波が高いときは、石拾いに熱中しすぎて海に近づき過ぎないように注意しましょう!
 
なお「ヒスイ海岸」は、7月下旬から8月中旬までは海水浴場として開設されます。
はじめから海に入る覚悟で水着に着替え、石拾いと海水浴を楽しむのも楽しいですね♪
ヒスイ海岸

ヒスイ海岸

ヒスイ海岸
住所:新潟県糸魚川市 押上 ※セブンイレブン向かい
駐車場:あり※路肩に駐車(10~15台)
その他:7月下旬~8月中旬は糸魚川海水浴場として開設
※トイレなし

須沢海岸

次に訪れたスポットは、ヒスイ海岸から車で移動すること約10分のところにある「須沢海岸」
北陸自動車道糸魚川I.Cからは車で約10分の場所です。
大きな屋根の多目的施設が目印。
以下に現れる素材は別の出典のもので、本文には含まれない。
Theorem lemma8 (R : realType) (n : nat) (A : 'M[R[i]]_n) (B C : 'M[R]_n)
  (hB : forall i j, 0 <= B i j) (hC : forall i j, 0 <= C i j)
  (hA : forall i j, ComplexField.Normc.normc (A i j) <= Num.sqrt (B i j) * Num.sqrt (C i j)) :
  specrad A <= Num.sqrt (specrad (cmx B)) * Num.sqrt (specrad (cmx C)) /\
  (Num.max (specrad (cmx B)) (specrad (cmx C)) < 1 ->
     specrad A < 1 /\ (1%:M - A) \in unitmx /\
     normInfC (invmx (1%:M - A)) <=
       Num.sqrt (normInfR (invmx (1%:M - B))) * Num.sqrt (normInfR (invmx (1%:M - C)))).
Proof.
have rhoA := specrad_le_sqrtM hB hC hA.
split; first exact: rhoA.
rewrite gt_max => /andP[ltB ltC].
(* Proved with nra: rewriting with [sqrtr1] would introduce the [1] of the
   derived [rcfType] instance, whose unification with the [1] of [R] is costly. *)
have sqrt_lt1 x : 0 <= x -> x < 1 -> Num.sqrt x < 1.
  by move=> x0 x1; have := sqr_sqrtr x0; have := sqrtr_ge0 x; rewrite expr2; nra.
have ltA : specrad A < 1.
  apply: le_lt_trans rhoA (mulr_ilt1 (sqrtr_ge0 _) (sqrtr_ge0 _) _ _).
    exact: sqrt_lt1 (specrad_ge0 _) ltB.
  exact: sqrt_lt1 (specrad_ge0 _) ltC.
split; first exact: ltA.
split; first exact: specrad_lt1_unitmx.
exact: (normInfC_invmx_1B_le hB hC hA ltA ltB ltC).
Qed.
その前の駐車場に車を停められます。
 
ここ須沢海岸は「姫川」という川の河口にもっとも近い場所にある海岸。
「姫川」といえば、上流にヒスイの原石がたくさんある「小滝川ヒスイ峡」がある川です。
 
そんな姫川の河口に一番近い海岸ということで、私の期待値は高まりました!

あれ?

海辺に行ってみると、先ほどのヒスイ海岸と比べ砂が多く、石は少ない印象・・・
そして海の色も若干濁り気味。
 
ほんの6キロ程度しか離れていない同じ糸魚川なのに、海の表情は変わるものですね。
田代さん「あ。ガチの人がいますね」
 
棒を持つなんとなくプロっぽいひとが石探しをしていました。(やはり期待大?)
ひたすら探すトレジャーハンターライター。
ヒスイ海岸よりは石の量は少なめですが、だからこその「穴場感」のある雰囲気・・
 
どれがヒスイか?ヒスイじゃないのか?正直わかりませんでしたが「考えるな。感じろ」の精神で、気になった石をせっせと拾い集めました。
 
須沢公園は海水浴場として開設されているわけではないので、海水浴シーズンでも他のスポットに比べると人は少なめ。まさに「ヒスイ探しの穴場スポット」といえるかもしれませんよ♪
須沢海岸

須沢海岸

住所:糸魚川市大字須沢(須沢臨海公園近く)
駐車場:あり
※トイレあり

親不知海岸

最後に訪れたスポットは「親不知海岸」
「須沢海岸」からは車で約15分。
北陸自動車道親不知I.Cからは車で約5分の道の駅「親不知ピアパーク」内にある海岸で、お食事処やお土産屋があり、一年を通して多くの観光客が訪れます。
特に夏は「親不知海水浴場」として開設される人気のスポットです。
景色が抜群です!
この日は曇っていましたが、それでも開放的な海の景色。この日まわった海岸の中ではもっとも広い面積を有する石の浜です。
 
そして陸のほうを見れば、海の上を走るかのように作られた高速道路の造形美を楽しめるのも、親不知海岸ならではの良さです。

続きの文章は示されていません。